Как ни поворачивал, как ни вертел, а всё выходило, что хлопот с бренным телом не могло быть никаких.

Что ж, всё быстро убегавшее время посвятит бессмертной душе, неторопливыми размышлениями о непреходящем, о вечном, чистосердечной молитвой умиротворяя и очищая её.

Уже завтра душа его встретится с Богом.

А душа была неясна, нелегка. Ему было о чём размышлять и молиться. Тоска сомнений то упадала, то вновь росла, как ни отбрасывал их, доказывая себе, в сотый, в тысячный раз, что сомнений быть не могло, да и не ко времени, поздно уже.

Тоска рождала острое недовольство собой, хотя в недовольстве собой философ не обнаруживал ни малейшего смысла.

В самом деле, и страхом смерти не сломили, не покорили его.

Чем же быть ему не довольным?

Покой души, верно, нарушило что-то иное, чем-то пока неприметным разбередило её. Вот что надо было понять. Лишь после этого чистосердечной и тихой должна стать молитва.

Не чувствуя холода, прижимаясь к влажной стене, склонив лохматую голову, раздражённо спросил, заново пристально вглядываясь в себя:

— Чего же тоскуешь ты? Чем помешал тебе Томас Кромвель? Давно уж покинул тебя и следа от него не осталось! Так что?
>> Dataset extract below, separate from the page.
(* For $\kappa=2,3,\dots$ and all $\mathrm b\in\mathbb R$, on the line $\mathbf C_{a^\kappa}=\{(\zeta_\kappa,\mathrm b):\mathrm b\in\mathbb R\}$ one has $\rho(\zeta_\kappa,\mathrm b)=\kappa\,\theta(\zeta_\kappa,\mathrm b)$ and $$\theta(\zeta_\kappa,\mathrm b)=\begin{cases}0,&\mathrm b>2,\\[2pt] \dfrac{\arccos(\mathrm b/2)}{\kappa\arccos(\mathrm b/2)+\pi},&|\mathrm b|\le2,\\[6pt] \dfrac1{\kappa+1},&\mathrm b<-2.\end{cases}$$ Symmetrically, for $\ell\ge2$, on the line $\mathbf C_{b^\ell}=\{(\mathrm a,\zeta_\ell):\mathrm a\in\mathbb R\}$ one has $\theta(\mathrm a,\zeta_\ell)=\theta(\zeta_\ell,\mathrm a)$ (given by the same formula with $\mathrm b$ replaced by $\mathrm a$ and $\kappa$ by $\ell$) and $\rho(\mathrm a,\zeta_\ell)=1-\rho(\zeta_\ell,\mathrm a)$.
   Context: For real parameters $\mathrm a,\mathrm b$, the map $F:\mathbb R^2\to\mathbb R^2$ is $F(x,y)=(\mathrm a x-y,x)$ if $x>0$ or ($x=0$ and $y\le0$), and $F(x,y)=(\mathrm b x-y,x)$ otherwise. $\zeta_j=2\cos(\pi/j)$. To an $F$-orbit $(z_t)$ associate the word $W=w_0w_1\cdots$ with $w_t=a$ if $z_t$ lies in the open right half-plane or on the negative $y$-axis, and $w_t=b$ otherwise. $W_n$ is the length-$n$ prefix, and $|W_n|_u$ counts occurrences of the factor $u$. The rotation number is $\theta(\mathrm a,\mathrm b)=\lim_n\frac1n|W_n|_{ab}$ (independent of the orbit). The density is $\rho(\mathrm a,\mathrm b)=\lim_n\frac1{2n}(|W_n^+|_a+|W_n^-|_a)$, with $W^\pm$ the word of the orbit of $(0,\pm1)$. *)

From Stdlib Require Import Reals Lra Bool.
Open Scope R_scope.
Не находя разумной причины, опасаясь невольно, что это всего лишь низменный страх, ужас боли и смерти, особенно боли, которая в таком преизбытке предстояла ему. Понимал, что если прав, страх станет только сильней, не справься он тотчас же с ним, и нерешительно, смутно угадывал, что причина томления всё-таки в чём-то ином.

Тогда несколько раз повторил:

— Твоя смерть должна быть достойна тебя.

Увидел теперь, что в этом не имелось сомнений, что иначе это и быть не могло, ибо малейшая слабость — губы дрогнут, глазом сморгнёт, — погубит всё то, по имя чего он шёл под топор.

Это так... Это так...

Однако по-прежнему что-то словно бы опалённое, и то же время вёрткое, неуловимое, скользкое как будто самолюбиво или с каким-то укором ныло и ныло и душе, наконец заставив подумать, что он, всегда искренний и прямой, нынче сделался не откровенным г собой. Пальцы двинулись беспокойно, точно чего-то искали. Тогда сказал, сдвигая брови, стараясь хоть так успокоить себя:

— Этот шут опротивел тебе своим дурацким кривляньем.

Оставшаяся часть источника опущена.